::: Data records
Lemma letter_matches_eq0 i : ~~ has_letter i -> letter_matches i = 0.
Proof.
move=> no_letter; apply/eqP; rewrite -leqn0 leqNgt -has_count.
apply: contra no_letter => /hasP [e te /and3P [xe re _]].
by apply/hasP; exists e; rewrite ?xe.
Qed.

Lemma mu_matches_leq i : i < n -> mu_matches i <= k2.
Proof.
move=> lt_in; apply: leq_trans (count_xblk_rank 0 lt_in) _.
by rewrite count_rank_block /=; lia.
Qed.

Definition frame_matches j :=
  count (fun e => (yblk e == j) && ((erank e == 1) || (erank e == 3))) t.

Definition stray_matches j :=
  count (fun e => [&& yblk e == j, erank e == 2 & yblk e != first_yblk (xblk e)]) t.

Lemma frame_stray_matches_leq j : 0 < j <= m ->
  frame_matches j + stray_matches j <= 2 * k1.
Proof.
move=> j_in.
pose in_rank r := count (fun e => (yblk e == j) && (erank e == r)) t.
have sigma_leq : in_rank 1 <= k1.
  by apply: leq_trans (count_yblk_rank 1 j_in) _; rewrite count_rank_block /=; lia.
have rho_leq : in_rank 3 <= k1.
  by apply: leq_trans (count_yblk_rank 3 j_in) _; rewrite count_rank_block /=; lia.
have stray_leq : stray_matches j <= ly.
  apply: leq_trans (_ : in_rank 2 <= _); first by apply: sub_count => e /and3P [-> -> _].
  by apply: leq_trans (count_yblk_rank 2 j_in) _; rewrite count_rank_block size_Ys //; lia.
have frameE : frame_matches j = in_rank 1 + in_rank 3.
  rewrite -count_predUI (@eq_count _ (predI _ _) pred0) ?count_pred0 => [|e /=].
    by rewrite addn0; apply: eq_count => e /=; rewrite andb_orr.
  by case: (erank e) => [|[|[|[|?]]]]; rewrite ?andbF.
rewrite frameE; case: (posnP (stray_matches j)) => [-> | /lt0n_neq0]; first by lia.
rewrite -lt0n -has_count => /hasP [e te /and3P [/eqP ye re stray]].
have -> : in_rank 1 = 0.
  apply/eqP; rewrite -leqn0 leqNgt -has_count; apply/hasP => -[g tg /andP [/eqP yg rg]].
  by move: (stray_letter_excludes_sigma te (eqP re) stray tg (etrans yg (esym ye))); rewrite rg.
by rewrite k1E in stray_leq *; lia.
Qed.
::::::
== What the task asks ==
The material is to be output in full, exactly as it stands.

== Task response ==
Lemma letter_matches_eq0 i : ~~ has_letter i -> letter_matches i = 0.
Proof.
move=> no_letter; apply/eqP; rewrite -leqn0 leqNgt -has_count.
apply: contra no_letter => /hasP [e te /and3P [xe re _]].
by apply/hasP; exists e; rewrite ?xe.
Qed.

Lemma mu_matches_leq i : i < n -> mu_matches i <= k2.
Proof.
move=> lt_in; apply: leq_trans (count_xblk_rank 0 lt_in) _.
by rewrite count_rank_block /=; lia.
Qed.

Definition frame_matches j :=
  count (fun e => (yblk e == j) && ((erank e == 1) || (erank e == 3))) t.

Definition stray_matches j :=
  count (fun e => [&& yblk e == j, erank e == 2 & yblk e != first_yblk (xblk e)]) t.

Lemma frame_stray_matches_leq j : 0 < j <= m ->
  frame_matches j + stray_matches j <= 2 * k1.
Proof.
move=> j_in.
pose in_rank r := count (fun e => (yblk e == j) && (erank e == r)) t.
have sigma_leq : in_rank 1 <= k1.
  by apply: leq_trans (count_yblk_rank 1 j_in) _; rewrite count_rank_block /=; lia.
have rho_leq : in_rank 3 <= k1.
  by apply: leq_trans (count_yblk_rank 3 j_in) _; rewrite count_rank_block /=; lia.
have stray_leq : stray_matches j <= ly.
  apply: leq_trans (_ : in_rank 2 <= _); first by apply: sub_count => e /and3P [-> -> _].
  by apply: leq_trans (count_yblk_rank 2 j_in) _; rewrite count_rank_block size_Ys //; lia.
have frameE : frame_matches j = in_rank 1 + in_rank 3.
  rewrite -count_predUI (@eq_count _ (predI _ _) pred0) ?count_pred0 => [|e /=].
    by rewrite addn0; apply: eq_count => e /=; rewrite andb_orr.
  by case: (erank e) => [|[|[|[|?]]]]; rewrite ?andbF.
rewrite frameE; case: (posnP (stray_matches j)) => [-> | /lt0n_neq0]; first by lia.
rewrite -lt0n -has_count => /hasP [e te /and3P [/eqP ye re stray]].
have -> : in_rank 1 = 0.
  apply/eqP; rewrite -leqn0 leqNgt -has_count; apply/hasP => -[g tg /andP [/eqP yg rg]].
  by move: (stray_letter_excludes_sigma te (eqP re) stray tg (etrans yg (esym ye))); rewrite rg.
by rewrite k1E in stray_leq *; lia.
Qed.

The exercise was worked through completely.